Fusaka also introduces updates to improve user and developer usability. EIP -7951 adds native support for secp256r1 elliptic curves, which is the signature standard used by Apple Secure Enclave, Android Keystore, and most consumer hardware. This allows wallets and applications to directly integrate similar authentication processes (Face ID, Touch ID, WebAuthn) into Ethereum, thereby reducing onboarding friction and enhancing security for retail and institutional users.

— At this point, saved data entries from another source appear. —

Definition is_factor_system (S : RawSys) : Prop :=
  is_prefactor_system S /\
  (forall (i i' : sidx S) (H : sle i i') (a : sst i), svalid a -> svalid (semb H a)) /\
  (forall (i i' : sidx S) (H : sle i i') (a : sst i'), svalid a -> svalid (sproj H a)) /\
  (forall (i i' : sidx S) (H : sle i i') (a b : sst i), svalid a -> svalid b ->
      approx a b -> approx (semb H a) (semb H b)) /\
  (forall (i i' : sidx S) (H : sle i i') (a b : sst i'), svalid a -> svalid b ->
      approx a b -> approx (sproj H a) (sproj H b)) /\
  (forall (i : sidx S) (H : sle i i) (a : sst i), svalid a -> approx (semb H a) a) /\
  (forall (i : sidx S) (H : sle i i) (a : sst i), svalid a -> approx (sproj H a) a) /\
  (forall (i i' i'' : sidx S) (H1 : sle i i') (H2 : sle i' i'') (H3 : sle i i'') (a : sst i),
      svalid a -> approx (semb H2 (semb H1 a)) (semb H3 a)) /\
  (forall (i i' i'' : sidx S) (H1 : sle i i') (H2 : sle i' i'') (H3 : sle i i'') (a : sst i''),
      svalid a -> approx (sproj H1 (sproj H2 a)) (sproj H3 a)) /\
  (forall (i i' : sidx S) (H : sle i i') (a : sst i),
      svalid a -> approx (sproj H (semb H a)) a) /\
  (forall (i i' i'' : sidx S) (H1 : sle i i') (H2 : sle i' i'') (a' : sst i') (a : sst i),
      svalid a' -> svalid a -> srel a' a -> srel (semb H2 a') a) /\
  (forall (i i' i'' : sidx S) (H1 : sle i i') (H2 : sle i' i'') (a'' : sst i'') (a : sst i),
      svalid a'' -> svalid a -> srel a'' a -> srel (sproj H2 a'') a).

Definition is_direct_factor_system (S : RawSys) : Prop :=
  is_factor_system S /\
  forall (i i' : sidx S) (H : sle i i') (a' : sst i') (a : sst i), svalid a' -> svalid a ->
    (srel a' a <-> approx a' (semb H a)).

Definition propSys : RawSys :=
  {| sidx := unit; sle := fun _ _ => True; sst := fun _ => bool;
     svalid := fun _ _ => True; srel := fun _ _ a' a => a' = a;
     semb := fun _ _ _ a => a; sproj := fun _ _ _ a => a |}.

Definition funSys (S T : RawSys) : RawSys :=
  {| sidx := (sidx S * sidx T)%type;
     sle := fun p p' => sle (fst p) (fst p') /\ sle (snd p) (snd p');
     sst := fun p => sst (fst p) -> sst (snd p);
     svalid := fun p f =>
       (forall a : sst (fst p), svalid a -> svalid (f a)) /\
       (forall a b : sst (fst p), svalid a -> svalid b ->
          approx a b -> approx (f a) (f b));
     srel := fun p p' f' f =>
       (sle (fst p) (fst p') /\ sle (snd p) (snd p')) /\
       (forall (a' : sst (fst p')) (a : sst (fst p)), svalid a' -> svalid a ->
          srel a' a -> srel (f' a') (f a));
     semb := fun p p' H f => fun a => semb (proj2 H) (f (sproj (proj1 H) a));
     sproj := fun p p' H f' => fun a => sproj (proj2 H) (f' (semb (proj1 H) a)) |}.

Section Types.
Variable B : Type.
Variable BI : B -> BaseSys.

Inductive ty : Type :=
| TBase : B -> ty
| TProp : ty
| TArr : ty -> ty -> ty.

Fixpoint posT (t : ty) : bool :=
  match t with
  | TBase _ => true
  | TProp => true
  | TArr r s => negT r && posT s
  end
with negT (t : ty) : bool :=
  match t with
  | TBase _ => false
  | TProp => true
  | TArr r s => posT r && negT s
  end.

Fixpoint interp (t : ty) : RawSys :=
  match t with
  | TBase b => baseRaw (BI b)
  | TProp => propSys
  | TArr r s => funSys (interp r) (interp s)
  end.

Inductive term : Type :=
| Var : nat -> term
| App : term -> term -> term
| Lam : nat -> ty -> term -> term.

Inductive typed : list ty -> term -> ty -> Prop :=
| typed_var : forall G k, k < length G -> typed G (Var k) (nth k G TProp)
| typed_app : forall G r s rho sigma,
    typed G r (TArr rho sigma) -> typed G s rho -> typed G (App r s) sigma
| typed_lam : forall G r rho sigma,
    typed (G ++ [rho]) r sigma -> typed G (Lam (length G) rho r) (TArr rho sigma).

(* An index context C = (i_0,...,i_{n-1}) together with the types rho_k:
   a list of pairs (rho_k, i_k) with i_k in I_{rho_k}. *)
Definition entry : Type := { t : ty & sidx (interp t) }.
Definition dentry : entry := existT _ TProp tt.

(* State judgements C |- r : i (in Type, so that values are computed along
   derivations). *)
Unset Implicit Arguments.
Inductive stj : list entry -> term -> forall t : ty, sidx (interp t) -> Type :=
| stj_var_pos : forall C k (j : sidx (interp (projT1 (nth k C dentry)))),
    k < length C -> posT (projT1 (nth k C dentry)) = true ->
    sle (projT2 (nth k C dentry)) j ->
    stj C (Var k) (projT1 (nth k C dentry)) j
| stj_var_neg : forall C k (j : sidx (interp (projT1 (nth k C dentry)))),
    k < length C -> negT (projT1 (nth k C dentry)) = true ->
    sle j (projT2 (nth k C dentry)) ->
    stj C (Var k) (projT1 (nth k C dentry)) j
| stj_app : forall C r s rho sigma (i : sidx (interp rho)) (j : sidx (interp sigma)),
    stj C r (TArr rho sigma) (i, j) -> stj C s rho i -> stj C (App r s) sigma j
| stj_lam : forall C n rho sigma r (i : sidx (interp rho)) (j : sidx (interp sigma)),
    n = length C ->
    stj (C ++ [existT _ rho i]) r sigma j ->
    stj C (Lam n rho r) (TArr rho sigma) (i, j).
Set Implicit Arguments.
Arguments stj_var_pos {C k j}.
Arguments stj_var_neg {C k j}.
Arguments stj_app {C r s rho sigma i j}.
Arguments stj_lam {C n rho sigma r i j}.

(* Tuples a in [[Gamma]]_C = prod_k [[rho_k]]_{i_k}. *)
Inductive hlist (F : entry -> Type) : list entry -> Type :=
| HNil : hlist F nil
| HCons : forall e l, F e -> hlist F l -> hlist F (e :: l).

Definition estate (e : entry) : Type := sst (projT2 e).

Fixpoint hsnoc (l : list entry) (h : hlist estate l) (e : entry) (x : estate e)
  : hlist estate (l ++ [e]) :=
  match h in hlist _ l0 return hlist estate (l0 ++ [e]) with
  | HNil _ => HCons x (HNil _)
  | HCons y h' => HCons y (hsnoc h' x)
  end.

Fixpoint hnth (l : list entry) (h : hlist estate l) (k : nat) {struct h}
  : estate (nth k l dentry) :=
  match h in hlist _ l0 return estate (nth k l0 dentry) with
  | HNil _ => match k return estate (nth k nil dentry) with
              | 0 => true | S _ => true end
  | @HCons _ e l' y h' =>
      match k return estate (nth k (e :: l') dentry) with
      | 0 => y
      | S m => hnth h' m
      end
  end.

Fixpoint hvalid (l : list entry) (h : hlist estate l) : Prop :=
  match h with
  | HNil _ => True
  | HCons x h' => svalid x /\ hvalid h'
  end.

Fixpoint sval (C : list entry) (r : term) (t : ty) (i : sidx (interp t))
  (d : stj C r t i) (a : hlist estate C) {struct d} : sst i :=
  match d in stj C0 r0 t0 i0 return hlist estate C0 -> sst i0 with
  | stj_var_pos _ _ H => fun a => semb H (hnth a _)
  | stj_var_neg _ _ H => fun a => sproj H (hnth a _)
  | stj_app d1 d2 => fun a => (sval d1 a) (sval d2 a)
  | @stj_lam C0 _ rho _ _ i0 _ _ d1 =>
      fun a => fun b : sst i0 => sval d1 (@hsnoc C0 a (existT _ rho i0) b)
  end a.

End Types.
Arguments stj {B BI} _ _ _ _.

(* By induction on the type rho define a relation
   x ~_rho y between states of [[rho]] at arbitrary, possibly incomparable,
   indices: ~ itself on base types, equality on prop, and "related arguments
   give related results" on function types.  Since every interpreted system
   is prefactor, ~_rho coincides with |> whenever the indices are comparable.
   Directness of the base systems makes ~_rho stable under embeddings for
   rho in Type^+ and under projections for rho in Type^-, which are exactly
   the operations the variable rules apply.  The fundamental lemma follows:
   two state derivations of the same term, evaluated in related environments,
   give related values.  Comparing the derivations at i and i' in one and the
   same environment yields the claimed instance of |>. *)

From Stdlib Require Import List Lia Program.Equality.

Set Implicit Arguments.
Unset Strict Implicit.

Lemma approx_sym (S : RawSys) i j (a : sst (S:=S) i) (b : sst j) :
  approx a b -> approx b a.
Proof. intros (k & c & Vc & Lik & Ljk & Rca & Rcb). exists k, c; tauto. Qed.

(* The part of the factor-system axioms that survives the function-space
   construction; [approx_srel] is the prefactor condition at a single index. *)
Record coherent (S : RawSys) : Prop := {
  sle_refl : forall i : sidx S, sle i i;
  sle_trans : forall i j k : sidx S, sle i j -> sle j k -> sle i k;
  srel_sle : forall i i' (a' : sst (S:=S) i') (a : sst i), srel a' a -> sle i i';
  srel_refl : forall i (a : sst (S:=S) i), svalid a -> srel a a;
  approx_srel : forall i (a b : sst (S:=S) i),
    svalid a -> svalid b -> approx a b -> srel a b;
  semb_valid : forall i i' (H : sle (S:=S) i i') (a : sst i),
    svalid a -> svalid (semb H a);
  sproj_valid : forall i i' (H : sle (S:=S) i i') (a : sst i'),
    svalid a -> svalid (sproj H a);
  semb_srel : forall i i' (H : sle (S:=S) i i') (a b : sst i),
    svalid a -> svalid b -> srel a b -> srel (semb H a) (semb H b);
  sproj_srel : forall i i' (H : sle (S:=S) i i') (a b : sst i'),
    svalid a -> svalid b -> srel a b -> srel (sproj H a) (sproj H b);
  srel_semb_l : forall i i' i'' (H : sle (S:=S) i' i'') (a' : sst i') (a : sst i),
    svalid a' -> svalid a -> srel a' a -> srel (semb H a') a;
  srel_sproj_l : forall i i' i'' (H : sle (S:=S) i' i'') (a'' : sst i'') (a : sst i),
    svalid a'' -> svalid a -> sle i i' -> srel a'' a -> srel (sproj H a'') a
}.

Local Hint Resolve sle_refl srel_refl semb_valid sproj_valid : core.

Section CoherentSystem.
Variable S : RawSys.
Hypothesis GS : coherent S.

Lemma srel_approx i i' (a' : sst (S:=S) i') (a : sst i) :
  svalid a' -> srel a' a -> approx a' a.
Proof.
  intros Va' R. exists i', a'.
  repeat split; [exact Va' | apply (sle_refl GS) | exact (srel_sle GS R)
                | exact (srel_refl GS Va') | exact R].
Qed.

Lemma srel_sym i (a b : sst (S:=S) i) :
  svalid a -> svalid b -> srel a b -> srel b a.
Proof.
  intros Va Vb R. apply (approx_srel GS); auto.
  apply approx_sym, srel_approx; auto.
Qed.

Lemma srel_trans i (a b c : sst (S:=S) i) :
  svalid a -> svalid b -> svalid c -> srel a b -> srel b c -> srel a c.
Proof.
  intros Va Vb Vc Rab Rbc. apply (approx_srel GS); auto.
  exists i, b.
  repeat split; [exact Vb | apply (sle_refl GS) .. | apply srel_sym | exact Rbc]; auto.
Qed.

Lemma semb_approx i i' (H : sle (S:=S) i i') (a b : sst i) :
  svalid a -> svalid b -> approx a b -> approx (semb H a) (semb H b).
Proof.
  intros Va Vb A. apply srel_approx; [auto|].
  apply (semb_srel GS); auto. apply (approx_srel GS); auto.
Qed.

Lemma sproj_approx i i' (H : sle (S:=S) i i') (a b : sst i') :
  svalid a -> svalid b -> approx a b -> approx (sproj H a) (sproj H b).
Proof.
  intros Va Vb A. apply srel_approx; [auto|].
  apply (sproj_srel GS); auto. apply (approx_srel GS); auto.
Qed.

End CoherentSystem.

Lemma factor_system_coherent (S : RawSys) : is_factor_system S -> coherent S.
Proof.
  intros [[[[_ [Hrefl [Htrans _]]] [Hle Hrefl_rel]] Hpre]
          [Vemb [Vproj [Aemb [Aproj [_ [_ [_ [_ [_ [Lemb Lproj]]]]]]]]]]].
  assert (Hsame : forall i (a b : sst (S:=S) i),
            svalid a -> svalid b -> approx a b <-> srel a b)
    by (intros; apply Hpre; auto).
  constructor; auto.
  - intros; apply Hsame; auto.
  - intros i i' H a b Va Vb R. apply Hsame; auto. apply Aemb, Hsame; auto.
  - intros i i' H a b Va Vb R. apply Hsame; auto. apply Aproj, Hsame; auto.
  - intros i i' i'' H a' a Va' Va R. eapply Lemb; eauto.
Qed.

Lemma coherent_prop : coherent propSys.
Proof.
  constructor; simpl; auto.
  intros i a b _ _ (k & c & _ & _ & _ & Rca & Rcb). simpl in *. congruence.
Qed.

Section FunctionSpace.
Variables S T : RawSys.
Hypotheses (GS : coherent S) (GT : coherent T).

These contribute to upgrading the developer and user interface of modern Ethereum, making it easier to build secure, mainstream applications.

Conclusion

With the activation of Fusaka, the most immediate impacts will be seen in lower Rollup costs, higher Blob throughput, and significant expansion of L1 execution capabilities. Combined with larger Blob space, overhead, and ongoing improvements in L1 performance, this will shape the financial dynamics of L2 settlements, influencing related dynamics and clearing the broader Ethereum ecosystem's sense of internal aggregation.

While the long-term value impact ultimately depends on demand and adoption, Fusaka lays a clearer and more scalable foundation for the next phase of Ethereum, where L1 and L2 functionalities will work more seamlessly together, and the network will be better positioned to support higher capacities of users, assets, and on-chain activities.